Она и на мышей охотиться стала без азарта, вяло. По необходимости.

Дома её давно не кормили. Нечего было давать.

Как тяжело без того, кого любишь!..

На Муру опять нашла тоска.

С фронта приходили поезда с ранеными. Недалеко о железнодорожной станции разместили госпиталь. Мура бегала на станцию к поездам. И ждала. Сама не знала, во что верила…

Она приходила вечером со станции сильно уставшая.

Садилась на лавочку, на которой совсем ещё недавно наигрывал на гармошке Петька, и печалилась.

Фомич сверху в окно видел её скорбный вид и не выдерживал, говорил веско:

– Так уж, до смерти, не горюй, слышь… Совсем загнуться можно… И не торопи! Кончится война, и придёт твой Большак. Порода Большаковых крепкая. Я и батюшку его знавал, и деда. Расею нельзя победить! У нас ведь в руках такая оглобля, что Гитлеру не сдобровать. Вот только хорошенько развернуться надо!.. Было уже такое…

* * *

…Один раз после станции она побрела к Стелькину.

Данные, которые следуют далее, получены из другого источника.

Lemma ML_tr_lagr_vec z : (ML y)^T *m lagr_vec z = (phiL z)^T.
Proof.
apply/matrixP => k l; rewrite (ord1 l) mxE [RHS]mxE.
set C := ML y *m delta_mx k (0 : 'I_1).
have feas : ML y *m delta_mx k 0 + MQ y *m (0 : 'cV[R]_(nQ n)) = C.
  by rewrite mulmx0 addr0.
have [CL CQ] := lagr_coeffs_lincomb feas (fun hL hQ _ => dot0l hQ).
have := lagr_eval_lincomb (fun j => C j 0) z.
rewrite CL CQ /lagr_eval mulmx0 [X in _ + X]mxE addr0 mulmx_delta_col => ->.
by apply: eq_bigr => j _; rewrite mulmx_delta_col [(ML y)^T k j]mxE [lagr_vec z j 0]mxE.
Qed.

Lemma lambda_sol_lagr_vec z : lambda_sol y z (lagr_vec z).
Proof.
split; first exact: ML_tr_lagr_vec.
move=> mu MLmu; rewrite !enorm_cV_sq ler_pM2r ?invr_gt0 //.
set d := mu - lagr_vec z.
have MLd : (ML y)^T *m d = 0 by rewrite mulmxBr MLmu ML_tr_lagr_vec subrr.
set a := (MQ y)^T *m lagr_vec z - (phiQ z)^T.
have -> : (MQ y)^T *m mu - (phiQ z)^T = a + (MQ y)^T *m d.
  by rewrite /a /d mulmxBr [RHS]addrC [RHS]addrA subrK.
apply: dot_pythagoras.
set C := MQ y *m ((MQ y)^T *m d).
have feas : ML y *m 0 + MQ y *m ((MQ y)^T *m d) = C by rewrite mulmx0 add0r.
have orth hL hQ : ML y *m hL + MQ y *m hQ = 0 -> dot ((MQ y)^T *m d) hQ = 0.
  move=> hom; rewrite dot_mulmxl trmxK.
  have -> : MQ y *m hQ = - (ML y *m hL) by apply/eqP; rewrite -addr_eq0 addrC hom.
  by rewrite dotNr dotC dot_mulmxl dotC MLd dot0l oppr0.
have [CL CQ] := lagr_coeffs_lincomb feas orth.
have phiQd : (phiQ z *m ((MQ y)^T *m d)) 0 0 = \sum_j C j 0 * lagr_eval (aL j) (aQ j) z.
  by rewrite -lagr_eval_lincomb CL CQ /lagr_eval mulmx0 [X in X + _]mxE add0r.
rewrite /a dotBr -dot_mulmxl -/C dotE.
under eq_bigr => j _ do rewrite [lagr_vec z j 0]mxE.
rewrite -phiQd dotE mxE; apply/eqP; rewrite subr_eq0; apply/eqP.
by apply: eq_bigr => k _; rewrite [(phiQ z)^T k 0]mxE mulrC.
Qed.

Lemma lagr_eval_le_Lambda Lam (B : set 'rV[R]_n) z j :
  mfn_Lambda_poised y Lam B -> B z -> `|lagr_eval (aL j) (aQ j) z| <= Lam.
Proof.
move=> [_ lam_le] Bz; apply: le_trans (lam_le z Bz _ (lambda_sol_lagr_vec z)).
have -> : lagr_eval (aL j) (aQ j) z = lagr_vec z j 0 by rewrite mxE.
exact: (le_bigmax 0 (fun i => `|lagr_vec z i 0|) j).
Qed.

Lemma lagr_eval_nodes i j : lagr_eval (aL j) (aQ j) (y i) = (i == j)%:R.
Proof.
have [feas _] := lagr_coeffs j.
have := congr1 (fun M : 'cV[R]_(p.+1) => M i 0) feas.
rewrite !mxE eqxx andbT => <-.
by rewrite /lagr_eval !mxE; congr (_ + _); apply: eq_bigr => k _; rewrite !mxE.
Qed.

Там обычная картина. Только вместо Петьки теперь был около будки хмурый с косматыми бровями незнакомый высокий дядька…

Встретившись взглядом с Мурой, хозяин мастерской поспешил:

– Не суди нас строго. Каждому – своё. Чем же тебя угостить? Вот половинка огурца. Ах, да: он тебе ни к чему… А, вот!

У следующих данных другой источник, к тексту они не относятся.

Lemma Tq_uniq i j k l : uniq [:: i; j; k; l] -> Tq d i j k l = d [set i; j; k; l] / 24.
Proof.
move=> ijkl_uniq.
have midx_mem m : midx i j k l m = (m \in [:: i; j; k; l]).
  by rewrite /midx -count_uniq_mem //= addn0 !addnA.
rewrite /Tq /coef_at /tau (_ : [forall m, _] = true); last first.
  by apply/forallP => m; rewrite midx_mem; case: (_ \in _).
rewrite (_ : [set m | _] = [set i; j; k; l]); last first.
  by apply/setP => m; rewrite !inE midx_mem !inE -!orbA; case: [|| _, _, _ | _].
by rewrite big1 ?divn1 // => m _; rewrite midx_mem; case: (_ \in _).
Qed.

End SymmetricTensor.

Section FourfoldSums.
Variable I : finType.
Implicit Types f g : I -> I -> I -> I -> R.

Lemma eq_sum4 f g : (forall i j k l, f i j k l = g i j k l) ->
  \sum_i \sum_j \sum_k \sum_l f i j k l = \sum_i \sum_j \sum_k \sum_l g i j k l.
Proof. by move=> fg; do 4!(apply: eq_bigr => ? _). Qed.

Lemma sum4D f g : \sum_i \sum_j \sum_k \sum_l (f i j k l + g i j k l) =
  \sum_i \sum_j \sum_k \sum_l f i j k l + \sum_i \sum_j \sum_k \sum_l g i j k l.
Proof. by rewrite -big_split; do 3!(apply: eq_bigr => ? _; rewrite -big_split). Qed.

Lemma sum4_swap12 f :
  \sum_i \sum_j \sum_k \sum_l f i j k l = \sum_i \sum_j \sum_k \sum_l f j i k l.
Proof. exact: exchange_big. Qed.

Lemma sum4_swap23 f :
  \sum_i \sum_j \sum_k \sum_l f i j k l = \sum_i \sum_j \sum_k \sum_l f i k j l.
Proof. by apply: eq_bigr => i _; apply: exchange_big. Qed.

Lemma sum4_swap34 f :
  \sum_i \sum_j \sum_k \sum_l f i j k l = \sum_i \sum_j \sum_k \sum_l f i j l k.
Proof. by do 2!(apply: eq_bigr => ? _); apply: exchange_big. Qed.

End FourfoldSums.

Lemma sum_delta_r (I : finType) (a : I) (F : I -> R) : \sum_i F i * (i == a)%:R = F a.
Proof. by rewrite (bigD1 a) //= eqxx mulr1 big1 ?addr0 // => i /negbTE ->; rewrite mulr0. Qed.

Lemma sum_delta_l (I : finType) (a : I) (F : I -> R) : \sum_i (a == i)%:R * F i = F a.
Proof. by rewrite -[RHS](sum_delta_r a); apply: eq_bigr => i _; rewrite mulrC eq_sym. Qed.

Lemma sum3_delta (I : finType) (a b c : I) (G : I -> I -> I -> R) :
  \sum_x \sum_y \sum_z (a == x)%:R * ((b == y)%:R * ((c == z)%:R * G x y z)) = G a b c.
Proof.
under eq_bigr => x _ do under eq_bigr => y _ do rewrite -!mulr_sumr sum_delta_l.
by under eq_bigr => x _ do rewrite -mulr_sumr sum_delta_l; rewrite sum_delta_l.
Qed.

Lemma delta_mulmx_coord (m : nat) (p r q : 'I_m) (x : 'cV[R]_m) :
  (delta_mx p r *m x) q 0 = (q == p)%:R * x r 0.
Proof.
rewrite mxE -[RHS](sum_delta_l r (fun k => (q == p)%:R * x k 0)); apply: eq_bigr => k _.
by rewrite mxE (eq_sym r); case: (q == p); case: (k == r); rewrite ?mul1r ?mul0r.
Qed.

Lemma entry_mulmx_delta (m : nat) (M : 'M[R]_m) p q : M p q = (M *m (delta_mx q 0 : 'cV_m)) p 0.
Proof. by rewrite -colE mxE. Qed.

Section Varopoulos.
Variables (n : nat) (t : 'I_n -> 'I_n -> 'I_n -> R).
Hypothesis t_sym12 : forall x y z, t x y z = t y x z.
Hypothesis t_sym23 : forall x y z, t x y z = t x z y.
Hypothesis t_slice_le1 : forall a c, \sum_b `|t a b c| <= 1.
Local Notation D := (2 * n + 2)%N.
Implicit Types x : 'cV[R]_D.

Lemma t_sym13 a b c : t a b c = t c b a.
Proof. by rewrite t_sym12 t_sym23 t_sym12. Qed.

Definition varN (i : 'I_n) : 'M[R]_D :=
  delta_mx (pV i) pE + \sum_b \sum_c t i b c *: delta_mx (pW c) (pV b) + delta_mx pF (pW i).

Lemma varN_coord i x q : (varN i *m x) q 0 =
  (q == pV i)%:R * x pE 0 + \sum_b \sum_c t i b c * (q == pW c)%:R * x (pV b) 0
  + (q == pF)%:R * x (pW i) 0.
Proof.
rewrite /varN !mulmxDl ![(_ + _ : 'cV_D) q 0]mxE !delta_mulmx_coord mulmx_suml summxE.
congr (_ + _ + _).
apply: eq_bigr => b _; rewrite mulmx_suml summxE; apply: eq_bigr => c _.
by rewrite -scalemxAl mxE delta_mulmx_coord mulrA.
Qed.

Lemma varN_E i x : (varN i *m x) pE 0 = 0.
Proof.
rewrite varN_coord pEV pEF !mul0r addr0 add0r big1 // => b _.
by rewrite big1 // => c _; rewrite pEW mulr0 mul0r.
Qed.

Lemma varN_V i x b : (varN i *m x) (pV b) 0 = (b == i)%:R * x pE 0.
Proof.
rewrite varN_coord pVV pVF mul0r addr0 big1 ?addr0 // => b' _.
by rewrite big1 // => c _; rewrite pVW mulr0 mul0r.
Qed.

Порывшись в кармане брюк, он достал конфету.

– На тебе подушечку, – и протянул серую, запылившуюся конфетку, – зря, что ли, приколтыхала!

Мура разжевала конфету и проглотила.

– Как, дорогуша? Жизнь стала слаще? – неожиданно зычным голосом спросил человек с косматыми бровями.

Если бы Мура умела говорить, что бы она сказала? Сладкий вкус ей был неведом…

…Нет, тоскливо ей и в сапожной мастерской. Хоть и угощают там конфетами…

Глава 9. Новая беда

Мура продолжала метаться.

А тут вскоре сильно заболела жена Большака, тихая Анна. Она постоянно прихварывала, в этот раз совсем слегла. Если вставала, то еле ходила. Работать никак нельзя.

Огородишка какого-никакого нет. Где брать еду?..

Настали дни, когда кроме хлеба на карточки, ничего не давали. И то не каждый день был хлеб.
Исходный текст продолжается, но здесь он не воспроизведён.